Qianyan is a collection of datasets from various NLP tasks such as machine reading comprehension, dialogue, sentiment analysis, etc. In this repository, we present a python package named qianyan
to help developers start using the Qianyan datasets quickly. The functionality of this package includes
- Automatic dataset downloading
- Loading the dataset with only one line of python code.
- Evaluating model predictions for each dataset.
-
python>=3.6
-
paddlepaddle>=2.1.0
-
paddlenlp >=2.0.4
For the installation of paddlepaddle and paddlenlp, plesae refer to their official websites.
pip install qianyan -i https://pypi.python.org/pypi
The dataset dureader_robust
will be automatically downloaded (only for the first time) and cached. The samples from differen splits of the dataset will be loaded into separate python list (i..e train_list
, dev_list
and test_list
, respectively).
Please run the following code to load the dataset:
from qianyan.dataset import load_dataset_qianyan
train_list, dev_list, test_list=load_dataset_qianyan(task="mrc", dataset="dureader_robust", splits=["train", "dev", "test"])

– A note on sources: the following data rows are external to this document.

(* Let $f=\frac1n\sum_{i=1}^n f_i$ where each $f_i:\mathbb{R}^d\to\mathbb{R}$ is convex, differentiable and $L$-smooth, let $X\subset\mathbb{R}^d$ be compact convex, and assume there is $x^\star\in X$ with $f(x^\star)=\min_{\mathbb{R}^d}f=\min_X f$. Let $T\ge1$ and let $(x^{(t)})_{1\le t\le T}$ and $(g^{(t)})$ be generated by the AdaLVR algorithm (described in the context, with either AdaGrad variant and either gradient estimator type, and $p=1/n$ in the L-SVRG case). Then $$\mathbb{E}\Big[\sum_{t=1}^T\mathbb{E}_t\big[\|g^{(t)}\|^2\big]\Big]\le \mathbb{E}\Big[8L\sum_{t=1}^T\big(f(x^{(t)})-f(x^\star)\big)\Big]+4Ln\big(f(x^{(1)})-f(x^\star)\big).$$
   Context: AdaLVR algorithm with inputs $x^{(1)}\in\mathbb{R}^d$, $\eta>0$, $p\in(0,1)$: set $G_0=0$; for SAGA set $\tilde x_i^{(0)}=x^{(1)}$ ($1\le i\le n$), for L-SVRG set $\tilde x^{(0)}=x^{(1)}$. For $t=1,2,\dots$: sample $i(t)$ uniformly from $\{1,\dots,n\}$ independently of the past; compute (SAGA) $g^{(t)}=\nabla f_{i(t)}(x^{(t)})-\nabla f_{i(t)}(\tilde x^{(t-1)}_{i(t)})+\frac1n\sum_{i}\nabla f_i(\tilde x_i^{(t-1)})$ and set $\tilde x_{i}^{(t)}=x^{(t)}$ if $i=i(t)$, else $\tilde x_i^{(t)}=\tilde x_i^{(t-1)}$; or (L-SVRG) $g^{(t)}=\nabla f_{i(t)}(x^{(t)})-\nabla f_{i(t)}(\tilde x^{(t-1)})+\nabla f(\tilde x^{(t-1)})$, sample $Z^{(t)}\sim\mathrm{Bernoulli}(p)$ independently and set $\tilde x^{(t)}=x^{(t)}$ if $Z^{(t)}=1$, else $\tilde x^{(t)}=\tilde x^{(t-1)}$. Set $G_t=G_{t-1}+\|g^{(t)}\|^2$ (Norm) or $G_t=G_{t-1}+\operatorname{diag}(g^{(t)}g^{(t)\top})$ (Diagonal, off-diagonal entries zeroed), $A_t=G_t^{1/2}$, and $x^{(t+1)}\in\arg\min_{y\in X}\|y-(x^{(t)}-\eta A_t^{-1}g^{(t)})\|_{A_t}$, with $A_t^{-1}$ the Moore–Penrose pseudo-inverse and $\|v\|_A=\langle v,Av\rangle^{1/2}$. $\mathbb{E}_t$ denotes conditional expectation given the history up to the computation of $x^{(t)}$ (i.e. integrating over $i(t)$ and $Z^{(t)}$). *)

From HB Require Import structures.
From mathcomp Require Import all_boot all_order all_algebra.
From mathcomp Require Import all_classical all_reals all_analysis.

Set Implicit Arguments.
Unset Strict Implicit.
Unset Printing Implicit Defensive.

Import Order.TTheory GRing.Theory Num.Theory.
Import numFieldNormedType.Exports.
Local Open Scope classical_set_scope.
Local Open Scope ring_scope.

Inductive estimator := SAGA | LSVRG.
Inductive adagrad_variant := NormVar | DiagVar.

Section AdaLVR.
Variables (R : realType) (d n : nat).
Local Notation vec := 'rV[R]_d.

Definition dotp (u v : vec) : R := \sum_(k < d) u ord0 k * v ord0 k.
Definition sqnorm (v : vec) : R := \sum_(k < d) v ord0 k ^+ 2.
Definition enorm (v : vec) : R := Num.sqrt (sqnorm v).

(** ||v||_A = <v, A v>^(1/2) for the diagonal matrix A = diag(a). *)
Definition anorm (a v : vec) : R :=
  Num.sqrt (\sum_(k < d) a ord0 k * v ord0 k ^+ 2).

Definition convex_fun (g : vec -> R) : Prop :=
  forall x y (t : R), 0 <= t <= 1 ->
    g (t *: x + (1 - t) *: y) <= t * g x + (1 - t) * g y.

Definition favg (f : 'I_n -> vec -> R) (x : vec) : R :=
  n%:R^-1 * \sum_(i < n) f i x.
Definition gavg (grad : 'I_n -> vec -> vec) (x : vec) : vec :=
  n%:R^-1 *: \sum_(i < n) grad i x.

Definition is_proj_sel (X : set vec) (proj : vec -> vec -> vec) : Prop :=
  forall a y : vec, (forall k, 0 <= a ord0 k) ->
    X (proj a y) /\ forall z, X z -> anorm a (proj a y - y) <= anorm a (z - y).

(** Algorithm state: x^(t), diagonal of G_{t-1} (for the Norm variant all
    entries are equal to the scalar G_{t-1}), SAGA table (tilde x_i),
    L-SVRG snapshot (tilde x). *)
Record state := State {
  st_x : vec; st_G : vec; st_tab : 'I_n -> vec; st_snap : vec }.

(** Random choice made at one iteration: i(t) for SAGA, (i(t), Z(t)) for L-SVRG. *)
Definition choiceT (k : estimator) : finType :=
  match k with SAGA => ('I_n : finType) | LSVRG => (('I_n * bool)%type : finType) end.

Definition weight (k : estimator) (p : R) : choiceT k -> R :=
  match k return choiceT k -> R with
  | SAGA => fun _ => n%:R^-1
  | LSVRG => fun c => n%:R^-1 * (if c.2 then p else 1 - p)
  end.

Definition gest (grad : 'I_n -> vec -> vec) (k : estimator) (s : state)
  : choiceT k -> vec :=
  match k return choiceT k -> vec with
  | SAGA => fun i => grad i (st_x s) - grad i (st_tab s i)
                     + n%:R^-1 *: \sum_(j < n) grad j (st_tab s j)
  | LSVRG => fun c => grad c.1 (st_x s) - grad c.1 (st_snap s) + gavg grad (st_snap s)
  end.

Definition new_tab (k : estimator) (s : state) : choiceT k -> 'I_n -> vec :=
  match k return choiceT k -> 'I_n -> vec with
  | SAGA => fun i j => if j == i then st_x s else st_tab s j
  | LSVRG => fun _ => st_tab s
  end.
(* Let $\mathcal L:\mathcal Y\times\mathbb R\to\mathbb R$ be continuously differentiable and $\mu$-strongly convex, and fix $\varepsilon>0$. (1) If $n\ge1$ and $f_1,f_2\in\mathrm{NN}_n$ satisfy $R(f_i)\le R(\mathrm{NN}_n)+\varepsilon$ for $i\in\{1,2\}$, then $D(f_1,f_2)\le\frac8\mu\big(R(\mathrm{NN}_n)-R(\mathrm{NN}_{2n})+\varepsilon\big)$. (2) If $d\ge1$ and $f_1,f_2\in\mathsf{Tree}_d$ satisfy $R(f_i)\le R(\mathsf{Tree}_d)+\varepsilon$ for $i\in\{1,2\}$, then $D(f_1,f_2)\le\frac8\mu\big(R(\mathsf{Tree}_d)-R(\mathsf{Tree}_{2d})+\varepsilon\big)$.
   Context: $P$ is a distribution on $\mathcal X\times\mathcal Y$ with $\mathcal X\subseteq\mathbb R^m$; expectations are over $(x,y)\sim P$. $\mathcal L$ is $\mu$-strongly convex if $\mathcal L(y,p_1)\ge\mathcal L(y,p_2)+\partial_p\mathcal L(y,p_2)(p_1-p_2)+\frac\mu2(p_1-p_2)^2$ for all $y,p_1,p_2$. $R(f)=\mathbb E[\mathcal L(y,f(x))]$, $R(\mathcal F)=\inf_{f\in\mathcal F}R(f)$, $D(f_1,f_2)=\mathbb E[(f_1(x)-f_2(x))^2]$. With $\sigma(t)=\max\{0,t\}$, $\mathrm{NN}_n$ is the class of real-valued functions on $\mathcal X$ computable by a finite directed acyclic graph with at most $n$ internal nodes, each computing $\sigma(\langle w,u\rangle+b)$ of its inputs $u$, with an output node computing an affine combination of the input coordinates and internal node values. $\mathsf{Tree}_d$ is the class of predictors computed by axis-aligned regression trees of depth at most $d$: rooted binary trees whose internal nodes are labeled by a coordinate $j\in[m]$ and threshold $t$ (routing $x$ left iff $x_j\le t$) and whose leaves are labeled by constants in $[0,1]$. *)

From HB Require Import structures.
From mathcomp Require Import all_boot all_order all_algebra.
From mathcomp Require Import all_classical all_reals all_analysis.
Set Implicit Arguments. Unset Strict Implicit. Unset Printing Implicit Defensive.
Import Order.TTheory GRing.Theory Num.Theory.
Local Open Scope classical_set_scope.
Local Open Scope ring_scope.

Section Defs.
Variables (R : realType) (m : nat).

Definition relu (t : R) : R := Num.max 0 t.

(* A ReLU DAG network in topological order.  Internal node i (i = 0,1,...)
   receives weights W i on the m input coordinates, weights V i j on the
   earlier internal nodes j < i (weight 0 = no edge), and bias b i.
   [nn_vals W V b x t] is the list of the values of nodes 0 .. t-1. *)
Fixpoint nn_vals (W : nat -> 'I_m -> R) (V : nat -> nat -> R) (b : nat -> R)
  (x : 'rV[R]_m) (t : nat) : seq R :=
  match t with
  | 0 => [::]
  | t'.+1 =>
      let s := nn_vals W V b x t' in
      rcons s (relu (\sum_(j < m) W t' j * x ord0 j
                     + \sum_(j < t') V t' j * nth 0 s j + b t'))
  end.

Definition nn_eval (k : nat) (W : nat -> 'I_m -> R) (V : nat -> nat -> R)
  (b : nat -> R) (a : 'I_m -> R) (c : nat -> R) (c0 : R) (x : 'rV[R]_m) : R :=
  \sum_(j < m) a j * x ord0 j + \sum_(i < k) c i * nth 0 (nn_vals W V b x k) i + c0.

You can run the following demo code to download the dataset:
python demo/load_dataset_demo.py
NOTE: The following table shows the available tasks and datasets in the current version of package:
Task | Dataset | Splits |
---|---|---|
mrc | dureader_robust | ["train", "dev", "test"] |
mrc | dureader_yesno | ["train", "dev", "test"] |
The following code shows how to evaluate the result of the model using this package:
from qianyan.evaluate import evaluation_qianyan
evaluation_qianyan(task="mrc", dataset="dureader_robust", labels=dev_list, predicts=model_preds)
The labels
refers to the loaded dataset (i.e. the python list above), which contains the reference labels. The predicts
is a dictionary contatining the model prediction. The key of the dictionary is sample_id and the value is predicted answer. The format is:
{
'94cedddea18d080ae592f038dddc3411': 'answer1',
'2b33ce81273afe4dfc58ef92bed21537': 'answer2',
'0efaf1900cb4980ee494a802c89c365f': 'answer3'
...
}
The demo code for evaluation can be run by:
python demo/result_evaluation_demo.py demo/preds.json
The evaluation result is shown below:
{"f1_score": 51.78251006699673, "em_score": 49.32956951305575, "total_count:": 1417, "skip_count": 0}
NOTE: most testsets in qianyan do not include reference label. One can submit the results to the official leaderboard for online evalution.